In the entries below, find the line with "Definition Q_ok (m" and the line with "is_lim_seq (fun n => prodR (fun l => q"; give again those lines and every line between them, exactly.

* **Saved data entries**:
........

(* The function $F(x)=\beta_{i_1(x),1}+\sum_{k=2}^{\infty}\Big[\tilde\beta_{i_k(x),k}\prod_{j=1}^{k-1}\tilde p_{i_j(x),j}\Big]$, $x=\Delta^{-\tilde Q}_{i_1(x)i_2(x)\dots}$, is continuous at every point of $[0,1]$.
   Context: Let $(m_n)_{n\ge1}$ be finite nonnegative integers and $\tilde Q=\|q_{i,n}\|$ ($i\in\{0,\dots,m_n\}$) with $q_{i,n}>0$, $\sum_{i}q_{i,n}=1$ for all $n$, and $\prod_n q_{i_n,n}=0$ for every digit sequence $(i_n)$. Put $a_{0,n}=0$, $a_{i,n}=\sum_{l<i}q_{l,n}$; $\Delta^{\tilde Q}_{j_1j_2\dots}=a_{j_1,1}+\sum_{n\ge2}a_{j_n,n}\prod_{l<n}q_{j_l,l}$. For odd $n$: $\tilde q_{i,n}=q_{i,n}$, $\tilde a_{i,n}=a_{i,n}$; for even $n$: $\tilde q_{i,n}=q_{m_n-i,n}$, $\tilde a_{i,n}=a_{m_n-i,n}$. The nega-$\tilde Q$-representation $x=\Delta^{-\tilde Q}_{i_1i_2\dots}$ means $x=\Delta^{\tilde Q}_{i_1[m_2-i_2]i_3[m_4-i_4]\dots}$; every $x\in[0,1]$ has one, and numbers $\Delta^{-\tilde Q}_{i_1\dots i_nm_{n+1}0m_{n+3}0\dots}=\Delta^{-\tilde Q}_{i_1\dots[i_n-1]0m_{n+2}0m_{n+4}\dots}$ ($i_n\ne0$) have two (the value of $F$ is the same for both). Let $P=\|p_{i,n}\|$ have the same shape with $p_{i,n}\in(-1,1)$, $\sum_ip_{i,n}=1$, $\prod_n|p_{i_n,n}|=0$ for every digit sequence, $0<\sum_{i<c}p_{i,n}<1$ for $c\in\{1,\dots,m_n\}$. Put $\beta_{0,n}=0$, $\beta_{c,n}=\sum_{i<c}p_{i,n}$; for odd $n$: $\tilde p_{i,n}=p_{i,n}$, $\tilde\beta_{i,n}=\beta_{i,n}$; for even $n$: $\tilde p_{i,n}=p_{m_n-i,n}$, $\tilde\beta_{i,n}=\beta_{m_n-i,n}$. *)

From Stdlib Require Import Reals Lra ClassicalEpsilon.
From Coquelicot Require Import Coquelicot.
Open Scope R_scope.

(* Indexing convention: the paper's index n >= 1 corresponds to k = n - 1 >= 0.
   So the paper's odd n are the even k, the paper's even n are the odd k.
   m k : nat is m_{k+1};  q k i is q_{i,k+1};  p k i is p_{i,k+1}. *)

Fixpoint sumR (f : nat -> R) (n : nat) : R :=
  match n with O => 0 | S n' => sumR f n' + f n' end.
Fixpoint prodR (f : nat -> R) (n : nat) : R :=
  match n with O => 1 | S n' => prodR f n' * f n' end.

(* a_{i,n} = sum_{l<i} q_{l,n}  (also used for beta with p) *)
Definition acc (q : nat -> nat -> R) (k i : nat) : R := sumR (q k) i.

Definition tld (m : nat -> nat) (f : nat -> nat -> R) (k i : nat) : R :=
  if Nat.odd k then f k (m k - i)%nat else f k i.

Definition digits_ok (m : nat -> nat) (d : nat -> nat) : Prop :=
  forall k, (d k <= m k)%nat.

Definition Q_ok (m : nat -> nat) (q : nat -> nat -> R) : Prop :=
  (forall k i, (i <= m k)%nat -> 0 < q k i) /\
  (forall k, sumR (q k) (S (m k)) = 1) /\
  (forall d, digits_ok m d ->
     is_lim_seq (fun n => prodR (fun l => q l (d l)) n) 0).

Definition P_ok (m : nat -> nat) (p : nat -> nat -> R) : Prop :=
  (forall k i, (i <= m k)%nat -> -1 < p k i < 1) /\
  (forall k, sumR (p k) (S (m k)) = 1) /\
  (forall d, digits_ok m d ->
     is_lim_seq (fun n => prodR (fun l => Rabs (p l (d l))) n) 0) /\
  (forall k c, (1 <= c <= m k)%nat -> 0 < sumR (p k) c < 1).

Definition nega_term (m : nat -> nat) (q : nat -> nat -> R) (d : nat -> nat)
  (k : nat) : R :=
  tld m (acc q) k (d k) * prodR (fun l => tld m q l (d l)) k.

Definition nega_rep (m : nat -> nat) (q : nat -> nat -> R) (x : R)
  (d : nat -> nat) : Prop :=
  digits_ok m d /\ is_series (nega_term m q d) x.

(* the chosen nega-Q~ digits of x (any representation; for x in [0,1]
   one exists) *)
Definition nega_digits (m : nat -> nat) (q : nat -> nat -> R) (x : R)
  : nat -> nat :=
  epsilon (inhabits (fun _ : nat => 0%nat)) (nega_rep m q x).

Definition F (m : nat -> nat) (q p : nat -> nat -> R) (x : R) : R :=
  Series (nega_term m p (nega_digits m q x)).

From Stdlib Require Import Reals Lra Lia ClassicalEpsilon Classical FunctionalExtensionality.
From Coquelicot Require Import Coquelicot.
Open Scope R_scope.

(* Reflecting the digits at the paper's even positions turns the nega-Q~
   representation into an ordinary one, so F maps the q-expansion of a digit
   sequence to its p-expansion.  The n-th partial sum and the product of the
   first n weights describe a cylinder segment containing the value, and these
   segments are nested.  By Koenig's lemma the p-cylinders of some fixed rank N
   are uniformly short, while positivity of q makes the q-cylinders of rank N
   uniformly long.  Two points closer than the shortest q-cylinder therefore lie
   in the same or in adjacent rank-N cylinders, and adjacent cylinders meet at a
   point with the two representations "c m m m ..." and "(c+1) 0 0 0 ...", whose
   p-expansions agree; so the p-values differ by at most two p-cylinder lengths. *)

Definition in_segment (a l x : R) : Prop := exists t, 0 <= t <= 1 /\ x = a + t * l.

Lemma in_segment_iff a l x :
  in_segment a l x <-> Rmin a (a + l) <= x <= Rmax a (a + l).
Proof.
  unfold in_segment, Rmin, Rmax.
  destruct (Rle_dec a (a + l)); split.
  - intros [t [ht ->]]. nra.
  - intros hx. destruct (Req_dec l 0) as [-> | hl].
    + exists 0. split; lra.
    + assert (0 < l) by (destruct (Rtotal_order l 0) as [|[|]]; lra).
      exists ((x - a) / l). split; [|field; intro; lra].
      split; [apply Rdiv_le_0_compat | apply (Rdiv_le_1 (x - a) l)]; lra.
  - intros [t [ht ->]]. nra.
  - intros hx. exists ((a - x) / - l). split; [|field; intro; lra].
    split; [apply Rdiv_le_0_compat | apply (Rdiv_le_1 (a - x) (- l))]; lra.
Qed.

Lemma in_segment_start a l : in_segment a l a.
Proof. exists 0. split; lra. Qed.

........

* **EXERCISE SOLUTION**:
Definition Q_ok (m : nat -> nat) (q : nat -> nat -> R) : Prop :=
  (forall k i, (i <= m k)%nat -> 0 < q k i) /\
  (forall k, sumR (q k) (S (m k)) = 1) /\
  (forall d, digits_ok m d ->
     is_lim_seq (fun n => prodR (fun l => q l (d l)) n) 0).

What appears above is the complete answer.